| YOUR GOAL |
Please copy, exactly as they appear below, the lines from the one containing "Fixpoint gbinom (x" through the one containing "exp (- t ^ (2 * n + 2) / INR (2 * n + 2))".

| GIVEN DATA |
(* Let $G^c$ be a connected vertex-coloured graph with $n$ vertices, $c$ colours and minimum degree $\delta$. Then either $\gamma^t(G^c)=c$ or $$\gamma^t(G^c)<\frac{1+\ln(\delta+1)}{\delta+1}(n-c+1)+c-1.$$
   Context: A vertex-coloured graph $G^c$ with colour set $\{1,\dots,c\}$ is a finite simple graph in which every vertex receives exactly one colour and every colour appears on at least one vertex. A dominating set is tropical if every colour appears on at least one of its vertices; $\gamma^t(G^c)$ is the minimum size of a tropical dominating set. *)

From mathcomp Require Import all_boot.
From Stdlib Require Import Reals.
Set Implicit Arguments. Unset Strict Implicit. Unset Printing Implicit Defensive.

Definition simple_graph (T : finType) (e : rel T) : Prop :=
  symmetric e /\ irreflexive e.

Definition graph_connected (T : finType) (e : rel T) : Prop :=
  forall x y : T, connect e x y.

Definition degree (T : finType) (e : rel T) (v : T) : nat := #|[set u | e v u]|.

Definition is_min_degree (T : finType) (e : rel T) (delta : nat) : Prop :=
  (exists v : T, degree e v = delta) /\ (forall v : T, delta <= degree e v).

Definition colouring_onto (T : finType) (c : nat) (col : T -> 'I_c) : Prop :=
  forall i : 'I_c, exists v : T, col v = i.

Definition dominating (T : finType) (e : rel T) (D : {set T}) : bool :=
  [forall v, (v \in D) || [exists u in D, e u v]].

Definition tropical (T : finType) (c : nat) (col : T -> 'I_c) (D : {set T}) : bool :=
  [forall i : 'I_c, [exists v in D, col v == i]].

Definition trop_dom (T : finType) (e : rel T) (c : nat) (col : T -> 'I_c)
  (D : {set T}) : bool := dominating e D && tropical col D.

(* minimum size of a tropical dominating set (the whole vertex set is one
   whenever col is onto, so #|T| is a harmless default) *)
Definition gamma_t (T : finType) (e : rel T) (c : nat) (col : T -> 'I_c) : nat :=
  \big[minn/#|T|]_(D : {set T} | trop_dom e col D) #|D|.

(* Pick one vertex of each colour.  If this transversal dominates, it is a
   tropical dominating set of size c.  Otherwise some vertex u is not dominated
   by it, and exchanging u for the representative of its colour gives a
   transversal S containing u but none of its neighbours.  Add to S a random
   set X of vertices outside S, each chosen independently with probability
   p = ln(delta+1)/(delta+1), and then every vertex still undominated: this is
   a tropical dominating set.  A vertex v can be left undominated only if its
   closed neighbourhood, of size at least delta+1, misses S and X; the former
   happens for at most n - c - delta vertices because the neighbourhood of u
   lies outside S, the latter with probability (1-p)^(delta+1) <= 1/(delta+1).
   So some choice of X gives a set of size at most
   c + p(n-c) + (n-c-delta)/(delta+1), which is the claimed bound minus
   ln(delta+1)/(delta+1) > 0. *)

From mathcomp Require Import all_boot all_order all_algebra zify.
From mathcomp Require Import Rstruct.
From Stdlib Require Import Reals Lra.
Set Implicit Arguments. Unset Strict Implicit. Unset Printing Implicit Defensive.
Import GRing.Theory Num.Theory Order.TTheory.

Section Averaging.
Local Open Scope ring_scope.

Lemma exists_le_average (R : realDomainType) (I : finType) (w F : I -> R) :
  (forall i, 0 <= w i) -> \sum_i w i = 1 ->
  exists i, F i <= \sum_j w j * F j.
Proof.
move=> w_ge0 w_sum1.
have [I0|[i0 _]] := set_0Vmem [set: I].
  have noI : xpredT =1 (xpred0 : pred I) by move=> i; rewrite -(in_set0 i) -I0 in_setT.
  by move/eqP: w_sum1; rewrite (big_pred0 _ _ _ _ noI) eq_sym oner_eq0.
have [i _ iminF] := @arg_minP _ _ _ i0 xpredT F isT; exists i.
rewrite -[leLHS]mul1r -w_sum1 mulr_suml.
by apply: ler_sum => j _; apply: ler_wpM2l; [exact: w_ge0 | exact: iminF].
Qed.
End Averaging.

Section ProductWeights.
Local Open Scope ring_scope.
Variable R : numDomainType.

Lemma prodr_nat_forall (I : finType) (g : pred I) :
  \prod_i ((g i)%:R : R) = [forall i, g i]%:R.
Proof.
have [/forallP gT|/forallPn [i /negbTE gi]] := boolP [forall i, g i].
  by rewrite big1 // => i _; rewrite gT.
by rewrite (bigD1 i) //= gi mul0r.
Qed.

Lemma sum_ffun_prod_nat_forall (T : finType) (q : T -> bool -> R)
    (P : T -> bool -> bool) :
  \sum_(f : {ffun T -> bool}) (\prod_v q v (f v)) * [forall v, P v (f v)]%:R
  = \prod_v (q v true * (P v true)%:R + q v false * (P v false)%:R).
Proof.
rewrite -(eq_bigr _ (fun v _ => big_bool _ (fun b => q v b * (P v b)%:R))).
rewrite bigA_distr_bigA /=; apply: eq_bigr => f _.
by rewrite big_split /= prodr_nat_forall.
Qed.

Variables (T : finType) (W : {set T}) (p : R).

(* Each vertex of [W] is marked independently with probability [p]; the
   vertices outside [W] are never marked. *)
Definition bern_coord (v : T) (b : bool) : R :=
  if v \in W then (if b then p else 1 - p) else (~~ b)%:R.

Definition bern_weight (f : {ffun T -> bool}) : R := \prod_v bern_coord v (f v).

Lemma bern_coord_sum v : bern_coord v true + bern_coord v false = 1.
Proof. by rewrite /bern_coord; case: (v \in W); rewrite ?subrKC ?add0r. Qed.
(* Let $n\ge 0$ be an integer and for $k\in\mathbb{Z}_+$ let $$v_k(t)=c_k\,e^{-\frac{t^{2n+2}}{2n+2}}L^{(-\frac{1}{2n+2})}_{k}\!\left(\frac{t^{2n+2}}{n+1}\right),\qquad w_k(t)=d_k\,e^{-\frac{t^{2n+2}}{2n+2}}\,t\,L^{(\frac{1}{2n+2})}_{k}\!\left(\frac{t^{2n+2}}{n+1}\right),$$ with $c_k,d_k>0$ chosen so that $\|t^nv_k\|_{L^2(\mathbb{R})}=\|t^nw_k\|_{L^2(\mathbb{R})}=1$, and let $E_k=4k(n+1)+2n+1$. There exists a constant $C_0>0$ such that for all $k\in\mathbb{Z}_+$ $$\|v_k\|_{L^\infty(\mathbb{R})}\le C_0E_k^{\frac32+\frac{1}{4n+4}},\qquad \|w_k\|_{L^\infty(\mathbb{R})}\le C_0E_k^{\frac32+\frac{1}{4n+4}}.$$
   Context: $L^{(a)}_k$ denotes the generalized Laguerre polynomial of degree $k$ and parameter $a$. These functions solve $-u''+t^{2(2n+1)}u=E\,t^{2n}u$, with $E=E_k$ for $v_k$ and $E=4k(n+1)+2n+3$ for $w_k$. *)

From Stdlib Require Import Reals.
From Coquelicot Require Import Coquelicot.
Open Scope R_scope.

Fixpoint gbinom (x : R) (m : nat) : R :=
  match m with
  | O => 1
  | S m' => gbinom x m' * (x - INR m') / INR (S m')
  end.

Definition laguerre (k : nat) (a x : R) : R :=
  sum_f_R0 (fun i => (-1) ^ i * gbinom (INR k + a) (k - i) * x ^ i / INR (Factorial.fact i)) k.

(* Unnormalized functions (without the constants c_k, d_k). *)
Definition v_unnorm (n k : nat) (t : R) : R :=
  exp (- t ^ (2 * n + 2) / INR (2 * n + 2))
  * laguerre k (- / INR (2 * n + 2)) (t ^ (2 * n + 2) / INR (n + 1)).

| ANSWER SPACE |
Fixpoint gbinom (x : R) (m : nat) : R :=
  match m with
  | O => 1
  | S m' => gbinom x m' * (x - INR m') / INR (S m')
  end.

Definition laguerre (k : nat) (a x : R) : R :=
  sum_f_R0 (fun i => (-1) ^ i * gbinom (INR k + a) (k - i) * x ^ i / INR (Factorial.fact i)) k.

(* Unnormalized functions (without the constants c_k, d_k). *)
Definition v_unnorm (n k : nat) (t : R) : R :=
  exp (- t ^ (2 * n + 2) / INR (2 * n + 2))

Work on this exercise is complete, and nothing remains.